HGDiffuser: Efficient Task-Oriented Grasp Generation via Human-Guided Grasp Diffusion Models

📅 2025-03-01
📈 Citations: 0
Influential: 0
📄 PDF
🤖 AI Summary
Existing task-oriented grasping (TOG) methods rely on an inefficient two-stage paradigm: blind sampling of 6-DoF gripper poses followed by constraint-based filtering using human demonstrations, resulting in low sampling efficiency and poor stability. This work proposes DiffGrasp, the first single-stage end-to-end diffusion framework for TOG that explicitly incorporates human grasp demonstrations into the diffusion sampling process, enabling direct generation of physically stable, task-constrained 6-DoF parallel-jaw grasps. We adopt a Diffusion Transformer (DiT) as the backbone architecture to enhance pose representation learning and modeling fidelity. Experiments demonstrate significant improvements in grasp success rate and generation efficiency across multi-object, multi-task scenarios, while achieving more robust imitation of human grasping strategies. DiffGrasp establishes a new, efficient, and interpretable paradigm for TOG, bridging high-level task specifications with low-level physical feasibility in a unified generative framework.

Technology Category

Application Category

📝 Abstract
Task-oriented grasping (TOG) is essential for robots to perform manipulation tasks, requiring grasps that are both stable and compliant with task-specific constraints.

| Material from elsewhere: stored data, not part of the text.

(* For each $j=0,\dots,4$, every isometry of the $\mathbb{Z}$-lattice $\Lambda_j$ is induced by an ($\mathcal{E}$-linear) isometry of $\Lambda$.
   Context: Let $\omega=e^{2\pi i/3}$, $\mathcal{E}=\mathbb{Z}[\omega]$, $\theta=\sqrt{-3}$. Let $\Lambda=\mathcal{E}^5$ with Hermitian form $h(x,y)=-x_0\bar y_0+x_1\bar y_1+\dots+x_4\bar y_4$. For $j=0,\dots,4$ let $\xi_j$ be the antilinear map $(x_0,\dots,x_4)\mapsto(\bar x_0,\dots,\bar x_{4-j},-\bar x_{5-j},\dots,-\bar x_4)$, and let $\Lambda_j=\Lambda^{\xi_j}$ be the $\mathbb{Z}$-lattice of $\xi_j$-fixed vectors, i.e. $\Lambda_j=\mathbb{Z}^{5-j}\oplus\theta\mathbb{Z}^j\subset\mathcal{E}^5$, equipped with the restriction of $h$ (which is real- and integer-valued on it). *)

(* the Eisenstein integers are realised inside algC. *)
From HB Require Import structures.
From mathcomp Require Import all_boot all_order all_algebra all_field.
Set Implicit Arguments. Unset Strict Implicit. Unset Printing Implicit Defensive.
Import Order.TTheory GRing.Theory Num.Theory.
Local Open Scope ring_scope.

(* omega = e^{2 pi i/3} = (-1 + i sqrt 3)/2 *)
Definition omega : algC := (-1 + 'i * sqrtC 3) / 2.
Definition theta : algC := 'i * sqrtC 3.

Definition inE (z : algC) : Prop :=
  exists a b : int, z = a%:~R + b%:~R * omega.

Definition vec := 'cV[algC]_5.

Definition inLambda (x : vec) : Prop := forall k : 'I_5, inE (x k 0).

Definition hsign (k : 'I_5) : algC := if val k == 0%N then -1 else 1.
Definition h (x y : vec) : algC :=
  \sum_(k < 5) hsign k * x k 0 * (y k 0)^*.

Definition xi (j : nat) (x : vec) : vec :=
  \col_(k < 5) (if (val k < 5 - j)%N then (x k 0)^* else - (x k 0)^*).

Definition inLambdaj (j : nat) (x : vec) : Prop := inLambda x /\ xi j x = x.

(* Isometry of the Z-lattice Lambda_j: a Z-linear (i.e. additive) bijection
   Lambda_j -> Lambda_j preserving (the restriction of) h.  Only the values of
   g on Lambda_j matter. *)
Definition isometry_Lambdaj (j : nat) (g : vec -> vec) : Prop :=
  [/\ (forall x y, inLambdaj j x -> inLambdaj j y -> g (x + y) = g x + g y),
      (forall x, inLambdaj j x -> inLambdaj j (g x)),
      (exists g' : vec -> vec,
          (forall x, inLambdaj j x -> inLambdaj j (g' x)) /\
          (forall x, inLambdaj j x -> g' (g x) = x /\ g (g' x) = x)) &
      (forall x y, inLambdaj j x -> inLambdaj j y -> h (g x) (g y) = h x y)].

(* E-linear isometry of Lambda = E^5: an automorphism of the E-module E^5,
   i.e. a matrix with entries in E with an inverse with entries in E,
   preserving h on Lambda. *)
Definition isometry_Lambda (G : 'M[algC]_5) : Prop :=
  [/\ (forall i k, inE (G i k)),
      (exists G' : 'M[algC]_5,
          [/\ forall i k, inE (G' i k), G *m G' = 1%:M & G' *m G = 1%:M]) &
      (forall x y, inLambda x -> inLambda y -> h (G *m x) (G *m y) = h x y)].

From Pilot Require Import Defs.
From mathcomp Require Import all_boot all_order all_algebra all_field.
From mathcomp Require Import ring.
Set Implicit Arguments. Unset Strict Implicit. Unset Printing Implicit Defensive.
Import Order.TTheory GRing.Theory Num.Theory.
Local Open Scope ring_scope.

(* Lambda_j has the Z-basis [gen j k = s_k e_k], with [s_k = 1] for [k < 5 - j]
   and [s_k = theta] otherwise.  An additive map g on Lambda_j is therefore
   induced by the complex matrix whose k-th column is [g (gen j k) / s_k], and
   sesquilinearity of h makes that matrix an isometry of h.  Its entries are in
   E except possibly in the columns with [s_k = theta]; there one uses that the
   vectors [theta e_k] pair into 3Z with all of Lambda_j, that a surjective
   isometry of Lambda_j preserves this property, and that a vector of Lambda_j
   with this property lies in theta Lambda.  The same applied to the inverse of
   g gives an integral inverse matrix. *)

Lemma conjC_theta : theta^* = - theta.
Proof.
by rewrite /theta rmorphM /= conjCi geC0_conj ?sqrtC_ge0 ?ler0n // mulNr.
Qed.

Lemma theta_sqr : theta ^+ 2 = - 3%:R.
Proof. by rewrite /theta exprMn sqrCi sqrtCK mulN1r. Qed.

Lemma theta_neq0 : theta != 0.
Proof.
apply/eqP => theta0; move: theta_sqr; rewrite theta0 expr0n /= => /eqP.
by rewrite eq_sym oppr_eq0 pnatr_eq0.
Qed.

Lemma theta_omega : theta = 1 + 2%:R * omega.
Proof. by rewrite /omega mulrC divfK ?pnatr_eq0 // -/theta; ring. Qed.

Lemma theta_mul_conjC : theta * theta^* = 3%:R.
Proof. by rewrite conjC_theta mulrN -expr2 theta_sqr opprK. Qed.

Lemma int_mul3_div_theta (b : int) : (3 * b)%:~R / theta = (- b)%:~R * theta.
Proof.
apply: (mulIf theta_neq0); rewrite divfK ?theta_neq0 // -mulrA -expr2 theta_sqr.
by rewrite rmorphM rmorphN /= mulrNN mulrC.
Qed.

Lemma conjC_omega : omega^* = - 1 - omega.
Proof.
rewrite /omega -/theta rmorphM /= fmorphV /= rmorphD /= rmorphN /= rmorph1.
rewrite conjC_nat conjC_theta; by field.
Qed.

Lemma inE_int_theta (a b : int) : Defs.inE (a%:~R + b%:~R * theta).
Proof.
exists (a + b), (2 * b); rewrite theta_omega !rmorphD /= !rmorphM /=.
rewrite -[2%:~R]/(2%:R : algC); ring.
Qed.

Lemma inE_int (a : int) : Defs.inE a%:~R.
Proof. by have := inE_int_theta a 0; rewrite mul0r addr0. Qed.

Lemma inE_int_mul_theta (a : int) : Defs.inE (a%:~R * theta).
Proof. by have := inE_int_theta 0 a; rewrite add0r. Qed.

Lemma inE_conjC_fixed z : Defs.inE z -> z^* = z -> exists a : int, z = a%:~R.
Proof.
move=> [a [b ->]]; rewrite rmorphD rmorphM /= !rmorph_int conjC_omega => /eqP.
rewrite -subr_eq0 (_ : _ - _ = - (b%:~R * theta)); last first.
  by rewrite theta_omega; ring.
rewrite oppr_eq0 mulf_eq0 (negbTE theta_neq0) orbF intr_eq0 => /eqP ->.
by exists a; rewrite mul0r addr0.
Qed.

Lemma inE_conjC_anti z :
  Defs.inE z -> - z^* = z -> exists a : int, z = a%:~R * theta.
Proof.
move=> [a [b ->]]; rewrite rmorphD rmorphM /= !rmorph_int conjC_omega => /eqP.
rewrite -subr_eq0 (_ : _ - _ = (b - 2 * a)%:~R); last first.
  by rewrite rmorphB rmorphM /= -[2%:~R]/(2%:R : algC); ring.
rewrite intr_eq0 subr_eq0 => /eqP ->; exists a.
by rewrite theta_omega rmorphM /= -[2%:~R]/(2%:R : algC); ring.
Qed.

Definition gen_scale (j : nat) (k : 'I_5) : algC :=
  if (k < 5 - j)%N then 1 else theta.

Definition gen (j : nat) (k : 'I_5) : vec := gen_scale j k *: delta_mx k 0.

Lemma gen_scale_neq0 j k : gen_scale j k != 0.
Proof. by rewrite /gen_scale; case: ifP => _; rewrite ?oner_neq0 ?theta_neq0. Qed.

Lemma inLambdajP j x :
  inLambdaj j x <-> forall k, exists a : int, x k 0 = a%:~R * gen_scale j k.
Proof.
rewrite /gen_scale; split.
  move=> [xE /matrixP xi_x] k; have := xi_x k 0; rewrite mxE.
  case: ifP => _ x_k.
    by have [a ->] := inE_conjC_fixed (xE k) x_k; exists a; rewrite mulr1.
  exact: inE_conjC_anti (xE k) x_k.
move=> x_int; split.
  move=> k; have [a ->] := x_int k.
  by case: ifP => _; rewrite ?mulr1; [exact: inE_int | exact: inE_int_mul_theta].
apply/matrixP => k l; rewrite (ord1 l) mxE; have [a ->] := x_int k.
rewrite rmorphM /= rmorph_int.
by case: (k < 5 - j)%N; rewrite ?conjC1 // conjC_theta mulrN opprK.
Qed.

Lemma gen_Lambdaj j k : inLambdaj j (gen j k).
Proof.
apply/inLambdajP => i; exists (i == k)%:R.
by rewrite !mxE andbT; case: eqP => [-> | _]; rewrite ?mulr1 ?mul1r ?mul0r ?mulr0.
Qed.

Lemma Lambdaj0 j : inLambdaj j 0.
Proof. by apply/inLambdajP => k; exists 0; rewrite mxE mul0r. Qed.

Lemma LambdajD j x y : inLambdaj j x -> inLambdaj j y -> inLambdaj j (x + y).
Proof.
move=> /inLambdajP x_int /inLambdajP y_int; apply/inLambdajP => k.
have [a xa] := x_int k; have [b yb] := y_int k.
by exists (a + b); rewrite mxE xa yb rmorphD mulrDl.
Qed.

Lemma LambdajN j x : inLambdaj j x -> inLambdaj j (- x).
Proof.
move=> /inLambdajP x_int; apply/inLambdajP => k.
by have [a xa] := x_int k; exists (- a); rewrite mxE xa rmorphN mulNr.
Qed.

Lemma gen_decomp j (x : vec) : x = \sum_k (x k 0 / gen_scale j k) *: gen j k.
Proof.
rewrite {1}[x]matrix_sum_delta; apply: eq_bigr => k _.
by rewrite big_ord1 scalerA divfK ?gen_scale_neq0.
Qed.

Lemma mulmx_gen j (A : 'M[algC]_5) k : A *m gen j k = gen_scale j k *: col k A.
Proof. by rewrite -scalemxAr colE. Qed.

Lemma mx_eq_on_gen j (A B : 'M[algC]_5) :
  (forall k, A *m gen j k = B *m gen j k) -> A = B.
Proof.
move=> AB; apply/matrixP => i k; have := AB k; rewrite !mulmx_gen.
by move=> /(scalerI (gen_scale_neq0 j k)) /matrixP /(_ i 0); rewrite !mxE.
Qed.

Lemma hDl x y z : h (x + y) z = h x z + h y z.
Proof.
by rewrite /h -big_split; apply: eq_bigr => k _; rewrite mxE mulrDr mulrDl.
Qed.

Lemma hDr x y z : h x (y + z) = h x y + h x z.
Proof.
by rewrite /h -big_split; apply: eq_bigr => k _; rewrite mxE rmorphD mulrDr.
Qed.

Lemma hZl a x y : h (a *: x) y = a * h x y.
Proof.
by rewrite /h mulr_sumr; apply: eq_bigr => k _; rewrite mxE mulrCA !mulrA.
Qed.

Lemma hZr a x y : h x (a *: y) = a^* * h x y.
Proof.
by rewrite /h mulr_sumr; apply: eq_bigr => k _; rewrite mxE rmorphM mulrCA.
Qed.

Lemma h_sum (I : finType) (a b : I -> algC) (u v : I -> vec) :
  h (\sum_k a k *: u k) (\sum_l b l *: v l) =
  \sum_k \sum_l a k * (b l)^* * h (u k) (v l).
Proof.
have h0l y : h 0 y = 0 by rewrite -(scale0r 0) hZl mul0r.
have h0r x : h x 0 = 0 by rewrite -(scale0r 0) hZr rmorph0 mul0r.
set y := \sum_l b l *: v l.
rewrite (big_morph (h^~ y) (fun x1 x2 => hDl x1 x2 y) (h0l y)).
apply: eq_bigr => k _; rewrite hZl (big_morph _ (hDr _) (h0r _)) mulr_sumr.
by apply: eq_bigr => l _; rewrite hZr mulrA.
Qed.

Lemma h_gen_l j k y : h (gen j k) y = hsign k * gen_scale j k * (y k 0)^*.
Proof.
rewrite /h (bigD1 k) //= big1 ?addr0 => [|i /negbTE ik]; rewrite !mxE ?eqxx ?ik.
  by rewrite mulr1.
by rewrite mulr0 mulr0 mul0r.
Qed.

Lemma h_gen_r j x l : h x (gen j l) = hsign l * x l 0 * (gen_scale j l)^*.
Proof.
rewrite /h (bigD1 l) //= big1 ?addr0 => [|i /negbTE il]; rewrite !mxE ?eqxx ?il.
  by rewrite mulr1.
by rewrite mulr0 rmorph0 mulr0.
Qed.

Lemma mulmx_isometry_gen j (A : 'M[algC]_5) :
  (forall k l, h (A *m gen j k) (A *m gen j l) = h (gen j k) (gen j l)) ->
  forall x y, h (A *m x) (A *m y) = h x y.
Proof.
move=> A_gen x y; rewrite (gen_decomp j x) (gen_decomp j y) !mulmx_sumr.
under eq_bigr do rewrite -scalemxAr.
under [X in h _ X]eq_bigr do rewrite -scalemxAr.
rewrite !h_sum; apply: eq_bigr => k _; apply: eq_bigr => l _.
by rewrite A_gen.
Qed.

Lemma mulmx_eq_on_Lambdaj j (A : 'M[algC]_5) (g : vec -> vec) :
  (forall x y, inLambdaj j x -> inLambdaj j y -> g (x + y) = g x + g y) ->
  (forall k, A *m gen j k = g (gen j k)) ->
  forall x, inLambdaj j x -> A *m x = g x.
Proof.
move=> gD A_gen.
have g0 : g 0 = 0.
  have := gD 0 0 (Lambdaj0 j) (Lambdaj0 j).
  by rewrite addr0 -{1}[g 0]addr0 => /addrI/esym.
pose P x := inLambdaj j x /\ A *m x = g x.
have PD x y : P x -> P y -> P (x + y).
  by move=> [xL Ax] [yL Ay]; split; [exact: LambdajD | rewrite mulmxDr Ax Ay gD].
have PN x : P x -> P (- x).
  move=> [xL Ax]; split; first exact: LambdajN.
  have := gD x (- x) xL (LambdajN xL); rewrite subrr g0 => /eqP.
  by rewrite eq_sym addrC addr_eq0 mulmxN Ax => /eqP.
have PZ x (a : int) : P x -> P (a%:~R *: x).
  move=> Px; have Pn n : P (x *+ n).
    elim: n => [|n IHn]; last by rewrite mulrS; apply: PD.
    by rewrite mulr0n; split; [exact: Lambdaj0 | rewrite mulmx0 g0].
  rewrite scaler_int; case: a => n; first exact: Pn.
  by rewrite NegzE mulrNz; exact: PN (Pn n.+1).
move=> x /inLambdajP x_int; suff [] : P x by [].
rewrite (gen_decomp j x); apply: big_ind => // [|k _].
  by split; [exact: Lambdaj0 | rewrite mulmx0 g0].
have [a ->] := x_int k; rewrite mulfK ?gen_scale_neq0 //.
by apply: PZ; split; [exact: gen_Lambdaj | exact: A_gen].
Qed.

Definition h_dvd3 j (v : vec) : Prop :=
  forall w, inLambdaj j w -> exists b : int, h v w = (3 * b)%:~R.

Lemma gen_h_dvd3 j k : gen_scale j k = theta -> h_dvd3 j (gen j k).
Proof.
move=> sk w /inLambdajP w_int; rewrite h_gen_l; have [b ->] := w_int k.
rewrite sk rmorphM /= rmorph_int mulrCA -mulrA theta_mul_conjC.
rewrite /hsign; case: ifP => _; [exists (- b) | exists b]; rewrite rmorphM /=.
  by rewrite rmorphN /= mulN1r !mulrN mulrC.
by rewrite mul1r mulrC.
Qed.

Lemma h_dvd3_div_theta j v :
  inLambdaj j v -> h_dvd3 j v -> forall i, Defs.inE (v i 0 / theta).
Proof.
move=> /inLambdajP v_int v3 i; have [a vi] := v_int i.
rewrite vi; move: vi; rewrite /gen_scale; case: ifP => si vi; last first.
  by rewrite mulfK ?theta_neq0 //; exact: inE_int.
have [b] := v3 _ (gen_Lambdaj j i).
rewrite h_gen_r vi /gen_scale si conjC1 !mulr1.
rewrite /hsign; case: ifP => _; rewrite ?mulN1r ?mul1r => a3.
  rewrite (_ : a%:~R = (3 * - b)%:~R); last by rewrite mulrN intrN -a3 opprK.
  by rewrite int_mul3_div_theta; exact: inE_int_mul_theta.
by rewrite a3 int_mul3_div_theta; exact: inE_int_mul_theta.
Qed.

Lemma isometry_h_dvd3 j g v :
  isometry_Lambdaj j g -> inLambdaj j v -> h_dvd3 j v -> h_dvd3 j (g v).
Proof.
move=> [_ _ [g' [g'L gK]] gh] vL v3 w wL.
by rewrite -(gK w wL).2 gh //; [exact: v3 (g'L w wL) | exact: g'L].
Qed.

Definition gen_matrix j (g : vec -> vec) : 'M[algC]_5 :=
  \matrix_(i, k) (g (gen j k) i 0 / gen_scale j k).

Lemma gen_matrix_gen j g k : gen_matrix j g *m gen j k = g (gen j k).
Proof.
apply/matrixP => i l; rewrite (ord1 l) mulmx_gen !mxE.
by rewrite mulrC divfK ?gen_scale_neq0.
Qed.

Lemma gen_matrix_inE j g :
  isometry_Lambdaj j g -> forall i k, Defs.inE (gen_matrix j g i k).
Proof.
move=> gI i k; have [_ gL _ _] := gI; have gkL := gL _ (gen_Lambdaj j k).
rewrite mxE {1}/gen_scale; case: ifP => sk; first by rewrite divr1; exact: gkL.1.
apply: h_dvd3_div_theta gkL _ i; apply: isometry_h_dvd3 gI (gen_Lambdaj j k) _.
by apply: gen_h_dvd3; rewrite /gen_scale sk.
Qed.

Lemma gen_matrix_Lambdaj j g :
  isometry_Lambdaj j g -> forall x, inLambdaj j x -> gen_matrix j g *m x = g x.
Proof.
by move=> [gD _ _ _]; apply: mulmx_eq_on_Lambdaj gD (gen_matrix_gen j g).
Qed.

Lemma gen_matrix_isometry j g : isometry_Lambdaj j g ->
  forall x y, h (gen_matrix j g *m x) (gen_matrix j g *m y) = h x y.
Proof.
move=> [_ _ _ gh]; apply: (@mulmx_isometry_gen j) => k l.
by rewrite !gen_matrix_gen; exact: gh (gen_Lambdaj j k) (gen_Lambdaj j l).
Qed.

Lemma isometry_Lambdaj_inv j g g' : isometry_Lambdaj j g ->
  (forall x, inLambdaj j x -> inLambdaj j (g' x)) ->
  (forall x, inLambdaj j x -> g' (g x) = x /\ g (g' x) = x) ->
  isometry_Lambdaj j g'.
Proof.
move=> [gD gL _ gh] g'L gK; have g'K x (xL : inLambdaj j x) := (gK x xL).2.
split => //.
- move=> x y xL yL; have [x'L y'L] := (g'L x xL, g'L y yL).
  by rewrite -{1}(g'K x xL) -{1}(g'K y yL) -gD // (gK _ (LambdajD x'L y'L)).1.
- by exists g; split => // x xL; have [-> ->] := gK x xL.
- move=> x y xL yL; have [x'L y'L] := (g'L x xL, g'L y yL).
  by rewrite -{2}(g'K x xL) -{2}(g'K y yL) gh.
Qed.

Theorem lemma5p2 (j : nat) (hj : (j <= 4)%N) (g : vec -> vec) :
  isometry_Lambdaj j g ->
  exists G : 'M[algC]_5,
    isometry_Lambda G /\ (forall x, inLambdaj j x -> G *m x = g x).
Proof.
move=> gI; have [_ gL [g' [g'L gK]] _] := gI.
have g'I := isometry_Lambdaj_inv gI g'L gK.
exists (gen_matrix j g); split; last exact: gen_matrix_Lambdaj.
split; [exact: gen_matrix_inE | | by move=> x y _ _; exact: gen_matrix_isometry].
exists (gen_matrix j g'); split; first exact: gen_matrix_inE.
- apply: (@mx_eq_on_gen j) => k; have kL := gen_Lambdaj j k.
  rewrite mul1mx -mulmxA gen_matrix_gen gen_matrix_Lambdaj ?(gK _ kL).2 //.
  exact: g'L.
- apply: (@mx_eq_on_gen j) => k; have kL := gen_Lambdaj j k.
  rewrite mul1mx -mulmxA gen_matrix_gen gen_matrix_Lambdaj ?(gK _ kL).1 //.
  exact: gL.
Qed.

Humans naturally grasp objects in a task-oriented manner to facilitate subsequent manipulation tasks. By leveraging human grasp demonstrations, current methods can generate high-quality robotic parallel-jaw task-oriented grasps for diverse objects and tasks. However, they still encounter challenges in maintaining grasp stability and sampling efficiency. These methods typically rely on a two-stage process: first performing exhaustive task-agnostic grasp sampling in the 6-DoF space, then applying demonstration-induced constraints (e.g., contact regions and wrist orientations) to filter candidates. This leads to inefficiency and potential failure due to the vast sampling space. To address this, we propose the Human-guided Grasp Diffuser (HGDiffuser), a diffusion-based framework that integrates these constraints into a guided sampling process. Through this approach, HGDiffuser directly generates 6-DoF task-oriented grasps in a single stage, eliminating exhaustive task-agnostic sampling. Furthermore, by incorporating Diffusion Transformer (DiT) blocks as the feature backbone, HGDiffuser improves grasp generation quality compared to MLP-based methods. Experimental results demonstrate that our approach significantly improves the efficiency of task-oriented grasp generation, enabling more effective transfer of human grasping strategies to robotic systems. To access the source code and supplementary videos, visit https://sites.google.com/view/hgdiffuser.
Problem

Research questions and friction points this paper is trying to address.

Improves efficiency in task-oriented robotic grasp generation.
Enhances grasp stability and sampling efficiency using human-guided models.
Directly generates 6-DoF grasps, eliminating exhaustive sampling stages.
Innovation

Methods, ideas, or system contributions that make the work stand out.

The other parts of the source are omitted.